S’adapter sans attendre. « En arrivant en France, j’ai bien compris qu’il fallait s’adapter au plus vite. Si ma période d’adaptation durait trop longtemps, les choses allaient se compliquer. J’ai donc essayé d’analyser la manière de travailler des professionnels de référence : Freddy Head, André Fabre, Nicolas Clément, Alain de Royer Dupré… une foule de détails fait la différence entres eux et les autres. Parmi les choses les plus évidentes, il y a bien sûr le fait qu’ils travaillent beaucoup sur les Aigles, en particulier sur la Perth. Dès lors, je me suis dit que c’était là qu’il fallait que mes chevaux s’exercent tous les matins. C’est une piste qui monte. Elle peut être dure, mais j’ai pris mes repères. J’ai par ailleurs la chance d’avoir du bon personnel, cinq Françaises et un Italien. Ils me sont fidèles depuis mon arrivée en France et ils connaissent bien leurs chevaux. Je tiens par ailleurs à dire que j’ai la chance d’avoir de bonnes relations avec Cristian Demuro. Il vient travailler avec nous deux fois par semaine. Cela lui permet de parfaitement connaître les sujets qu’il est amené à monter en course. J’ai une grande confiance en lui. Mais j’ai la chance d’avoir pu gagner avec des jockeys de premier plan, comme Christophe Soumillon, Stéphane Pasquier ou Pierre-Charles Boudot. »

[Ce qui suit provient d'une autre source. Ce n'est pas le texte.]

(* Let $\mathcal{P}=(\{\mathcal{E}_k:k\in K\},\{M_0,M_1\})$ be a concurrent quantum program on a Hilbert space $\mathcal{H}$ of finite dimension $d$, with initial density operator $\rho_0$. Then $\mathcal{P}$ with input $\rho_0$ terminates in the fair schedule $F$ if and only if it terminates in the schedule $\Pi^\omega$.
   Context: $\mathcal{H}$ is a complex Hilbert space of finite dimension $d\ge1$. A super-operator is a completely positive trace-non-increasing linear map on operators on $\mathcal{H}$. A concurrent quantum program is $\mathcal{P}=(\{\mathcal{E}_k:k\in K\},\{M_0,M_1\})$ with $K=\{1,\dots,m\}$, each $\mathcal{E}_k$ a trace-preserving super-operator, and $M_0^\dagger M_0+M_1^\dagger M_1=I$. $\mathcal{F}_k(\rho)=\mathcal{E}_k(M_1\rho M_1^\dagger)$; for a finite string $f=s_1\cdots s_n$ over $K$, $\mathcal{F}_f=\mathcal{F}_{s_n}\circ\cdots\circ\mathcal{F}_{s_1}$. $S=K^\omega$; for $s\in S$, $s[n]$ is its prefix of length $n$. $\mathcal{P}$ with input $\rho_0$ terminates for $s$ if $\mathcal{F}_{s[n]}(\rho_0)=0$ for some $n\ge1$, and terminates in a schedule $A\subseteq S$ if it terminates for every $s\in A$. An infinite path $s$ is fair if every $k\in K$ occurs infinitely often in $s$; $F$ is the set of fair paths. $P_K$ is the set of permutations of $K$, viewed as strings $s_1s_2\cdots s_m$ in which each element of $K$ occurs exactly once. $\Pi=\{s_1\sigma_1s_2\sigma_2\cdots\sigma_{m-1}s_m:\ s_1\cdots s_m\in P_K,\ \sigma_i\in K^*,\ |\sigma_i|<d\text{ for }1\le i<m\}$, and $\Pi^\omega$ is the set of infinite paths that are concatenations of infinitely many strings from $\Pi$. *)

From HB Require Import structures.
From mathcomp Require Import all_boot all_order all_algebra.
Set Implicit Arguments. Unset Strict Implicit. Unset Printing Implicit Defensive.
Import Order.TTheory GRing.Theory Num.Theory.
Local Open Scope ring_scope.

Section QProg.
Variable C : numClosedFieldType.

Definition adjmx (n : nat) (A : 'M[C]_n) : 'M[C]_n := (map_mx Num.conj A)^T.

Definition psd_f (T : finType) (A : T -> T -> C) : Prop :=
  forall v : T -> C,
    0 <= \sum_(i : T) \sum_(j : T) Num.conj (v i) * A i j * v j.

Definition psdmx (n : nat) (A : 'M[C]_n) : Prop := psd_f (fun i j => A i j).

Definition density (d : nat) (rho : 'M[C]_d) : Prop := psdmx rho /\ \tr rho = 1.

(* complete positivity: id_n (x) E maps positive operators on C^n (x) H
   (written as n x n block matrices of d x d blocks) to positive operators *)
Definition completely_positive (d : nat) (E : 'M[C]_d -> 'M[C]_d) : Prop :=
  forall (n : nat) (X : 'I_n -> 'I_n -> 'M[C]_d),
    psd_f (fun a b : 'I_n * 'I_d => X a.1 b.1 a.2 b.2) ->
    psd_f (fun a b : 'I_n * 'I_d => E (X a.1 b.1) a.2 b.2).

Definition trace_nonincreasing (d : nat) (E : 'M[C]_d -> 'M[C]_d) : Prop :=
  forall rho : 'M[C]_d, psdmx rho -> \tr (E rho) <= \tr rho.

Definition trace_preserving (d : nat) (E : 'M[C]_d -> 'M[C]_d) : Prop :=
  forall A : 'M[C]_d, \tr (E A) = \tr A.

Definition superop (d : nat) (E : {linear 'M[C]_d -> 'M[C]_d}) : Prop :=
  completely_positive E /\ trace_nonincreasing E.
(* If $A$ and $B$ are finitely generated left-orderable groups that are both Prieto, then $A\times B$ is Prieto.
   Context: A positive cone of a group $G$ is a subsemigroup $P$ with $G=P\sqcup P^{-1}\sqcup\{1\}$. A finitely generated left-orderable group $G$ is Prieto if every positive cone of $G$ is coarsely connected with respect to the word metric $d_X$ of some (equivalently any) finite generating set $X$, i.e. for each positive cone $P$ there is $r\ge1$ such that any two elements of $P$ are joined by a sequence $p_0,\dots,p_n$ in $P$ with $d_X(p_i,p_{i+1})\le r$. *)

From Stdlib Require Import List.
Import ListNotations.
Set Implicit Arguments.

Record group := Group {
  gcar :> Type;
  gmul : gcar -> gcar -> gcar;
  gone : gcar;
  ginv : gcar -> gcar;
  gmulA : forall x y z, gmul x (gmul y z) = gmul (gmul x y) z;
  gmul1 : forall x, gmul x gone = x;
  g1mul : forall x, gmul gone x = x;
  gmulV : forall x, gmul x (ginv x) = gone;
  gVmul : forall x, gmul (ginv x) x = gone
}.

Arguments gmul {g}.
Arguments gone {g}.
Arguments ginv {g}.

Definition prod_group (A B : group) : group.
Proof.
refine (@Group (A * B)%type
  (fun x y => (gmul (fst x) (fst y), gmul (snd x) (snd y)))
  (gone, gone)
  (fun x => (ginv (fst x), ginv (snd x))) _ _ _ _ _).
- intros; simpl; now rewrite !gmulA.
- intros [a b]; simpl; now rewrite !gmul1.
- intros [a b]; simpl; now rewrite !g1mul.
- intros [a b]; simpl; now rewrite !gmulV.
- intros [a b]; simpl; now rewrite !gVmul.
Defined.

Definition positive_cone {G : group} (P : G -> Prop) : Prop :=
  (forall x y, P x -> P y -> P (gmul x y)) /\
  (forall g, P g \/ P (ginv g) \/ g = gone) /\
  (forall g, P g -> ~ P (ginv g)) /\
  (forall g, P g -> g <> gone) /\
  (forall g, P (ginv g) -> g <> gone).

Definition left_orderable (G : group) : Prop :=
  exists lt : G -> G -> Prop,
    (forall x, ~ lt x x) /\
    (forall x y z, lt x y -> lt y z -> lt x z) /\
    (forall x y, lt x y \/ x = y \/ lt y x) /\
    (forall g x y, lt x y -> lt (gmul g x) (gmul g y)).

(* Words over X ∪ X^{-1}: a letter (x, b) stands for x if b = false, x^{-1} if b = true. *)
Definition eval_word {G : group} (w : list (G * bool)) : G :=
  fold_right (fun (l : G * bool) (acc : G) => gmul (if snd l then ginv (fst l) else fst l) acc) (@gone G) w.

Definition word_over {G : group} (X : list G) (w : list (G * bool)) : Prop :=
  forall l, In l w -> In (fst l) X.

Definition generates {G : group} (X : list G) : Prop :=
  forall g : G, exists w, word_over X w /\ eval_word w = g.

Definition finitely_generated (G : group) : Prop :=
  exists X : list G, generates X.

Definition dist_le {G : group} (X : list G) (r : nat) (g h : G) : Prop :=
  exists w, word_over X w /\ length w <= r /\ eval_word w = gmul (ginv g) h.

Definition coarsely_connected {G : group} (X : list G) (P : G -> Prop) : Prop :=
  exists r : nat, 1 <= r /\
    forall p q, P p -> P q ->
      exists (n : nat) (s : nat -> G),
        s 0 = p /\ s n = q /\
        (forall i, i <= n -> P (s i)) /\
        (forall i, i < n -> dist_le X r (s i) (s (S i))).

Definition prieto (G : group) : Prop :=
  finitely_generated G /\ left_orderable G /\
  exists X : list G, generates X /\
    forall P : G -> Prop, positive_cone P -> coarsely_connected X P.

(* A positive cone P of A x B restricts to positive cones P_A = {a | (a,1) in P}
   and P_B = {b | (1,b) in P} of the factors, which are coarsely connected by
   hypothesis.  For g in P the translate g (P_A x 1) lies in P, and g is one
   bounded jump away from g (a0,1) for a fixed a0 in P_A; hence g is coarsely
   connected inside P to every g (x,1) with x in P_A, and likewise for P_B.
   Starting from (a,b) in P, such moves first make the A-coordinate positive,
   then the B-coordinate, and finally strip off the A-coordinate, landing in
   the coarsely connected set 1 x P_B.  If P_A or P_B is empty, the
   corresponding factor is trivial and P is a copy of a positive cone of the
   other factor. *)

From Stdlib Require Import List Arith Lia Classical.

Set Implicit Arguments.

Section GroupLaws.
Context {G : group}.
Implicit Types (g x y z : G) (w : list (G * bool)) (X : list G) (P : G -> Prop).

Lemma gmul_cancel_l x y z : gmul x y = gmul x z -> y = z.
Proof.
  intro H. apply (f_equal (gmul (ginv x))) in H.
  now rewrite !gmulA, gVmul, !g1mul in H.
Qed.

Lemma ginv_unique x y : gmul x y = gone -> y = ginv x.
Proof. intro H. apply (gmul_cancel_l x). now rewrite H, gmulV. Qed.

Lemma ginv_mul x y : ginv (gmul x y) = gmul (ginv y) (ginv x).
Proof.
  symmetry; apply ginv_unique.
  now rewrite <- gmulA, (gmulA _ y), gmulV, g1mul, gmulV.
Qed.

Lemma ginv_involutive x : ginv (ginv x) = x.
Proof. symmetry; apply ginv_unique, gVmul. Qed.

Lemma ginv_one : ginv (@gone G) = gone.
Proof. symmetry; apply ginv_unique, gmul1. Qed.

Lemma ginv_mul_translate g x y : gmul (ginv (gmul g x)) (gmul g y) = gmul (ginv x) y.
Proof. now rewrite ginv_mul, <- gmulA, (gmulA _ (ginv g)), gVmul, g1mul. Qed.

Lemma eval_word_app w1 w2 : eval_word (w1 ++ w2) = gmul (eval_word w1) (eval_word w2).
Proof.
  induction w1 as [|l w1 IH]; simpl.
  - now rewrite g1mul.
  - now rewrite IH, gmulA.
Qed.

Lemma word_over_app X w1 w2 : word_over X w1 -> word_over X w2 -> word_over X (w1 ++ w2).
Proof. intros H1 H2 l Hl. apply in_app_or in Hl as [Hl|Hl]; auto. Qed.

Definition inv_word w : list (G * bool) := rev (map (fun l => (fst l, negb (snd l))) w).

Lemma eval_inv_word w : eval_word (inv_word w) = ginv (eval_word w).
Proof.
  induction w as [|[x b] w IH].
  - symmetry; apply ginv_one.
  - unfold inv_word in *. simpl map. simpl rev. rewrite eval_word_app, IH.
    simpl. rewrite ginv_mul, gmul1. destruct b; simpl; now rewrite ?ginv_involutive.
Qed.

Lemma word_over_inv X w : word_over X w -> word_over X (inv_word w).
Proof.
  intros H l Hl. apply in_rev, in_map_iff in Hl as [l0 [<- Hl0]].
  exact (H _ Hl0).
Qed.

Lemma dist_le_sym X r g h : dist_le X r g h -> dist_le X r h g.
Proof.
  intros [w [Hw [Hl Ew]]]. exists (inv_word w). repeat split.
  - now apply word_over_inv.
  - unfold inv_word. now rewrite length_rev, length_map.
  - now rewrite eval_inv_word, Ew, ginv_mul, ginv_involutive.
Qed.

Lemma dist_le_mono X r r' g h : r <= r' -> dist_le X r g h -> dist_le X r' g h.
Proof. intros Hr [w [Hw [Hl Ew]]]. exists w. repeat split; auto. lia. Qed.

Suivre l’exemple de Demuro. « Mon père, Antonio Marcialis, entraîne un effectif de 65 chevaux à Milan. Mais ses six poulinières sont basées en France. Mais que l’on soit jockey ou entraîneur, si on est jeune et que l’on a de l’ambition, il faut partir à l’étranger. C’est pourtant loin d’être facile. Personne ne vous attend en France. Regardez Demuro. C’était une vedette en Italie où il montait huit courses par jour. Quand il a fait le choix de s’exiler, il a dû repartir de zéro, avec une monte par jour. Il ne connaissait personne. Mais il a le talent et la volonté de s’en sortir. Cela lui a permis de franchir rapidement toutes les étapes vers le haut niveau. Rapidement, il a trouvé un très bon agent, Bruno Barbereau, et, sous la casaque de Gérard Augustin-Normand, il a touché le graal, en s’imposant au niveau classique. J’essaye de m’inspirer de sa réussite. Le système français est remarquable, les allocations sont bonnes. Mais cela ne rend pas le métier facile pour autant. Venir de l’étranger sans un propriétaire avec soi, ce n’est pas possible. Celui qui entraîne et fait courir ses propres chevaux peut se retrouver en difficulté au bout de quelques mois seulement en France. C’est lié au niveau de compétition, qui est fort ici, mais également au fait que le coût de l’entraînement est élevé [un entraîneur public facture 1.500 € à ses propriétaires à Milan, ndlr]. En particulier en région parisienne où tout est cher. En arrivant en France, j’avais la confiance de deux propriétaires italiens. Rapidement, des Suisses [Akhal Teke Properties, ndlr] et un Américain [Montgomery Motto] les ont rejoints. J’ai eu la joie de recevoir un représentant de monsieur Gérard Augustin-Normand dans mes boxes. Tout cela motive pour avancer et nous améliorer. En ce moment, j’ai 26 pensionnaires. J’ai la chance d’avoir des propriétaires qui sont jeunes et qui connaissent bien les chevaux. »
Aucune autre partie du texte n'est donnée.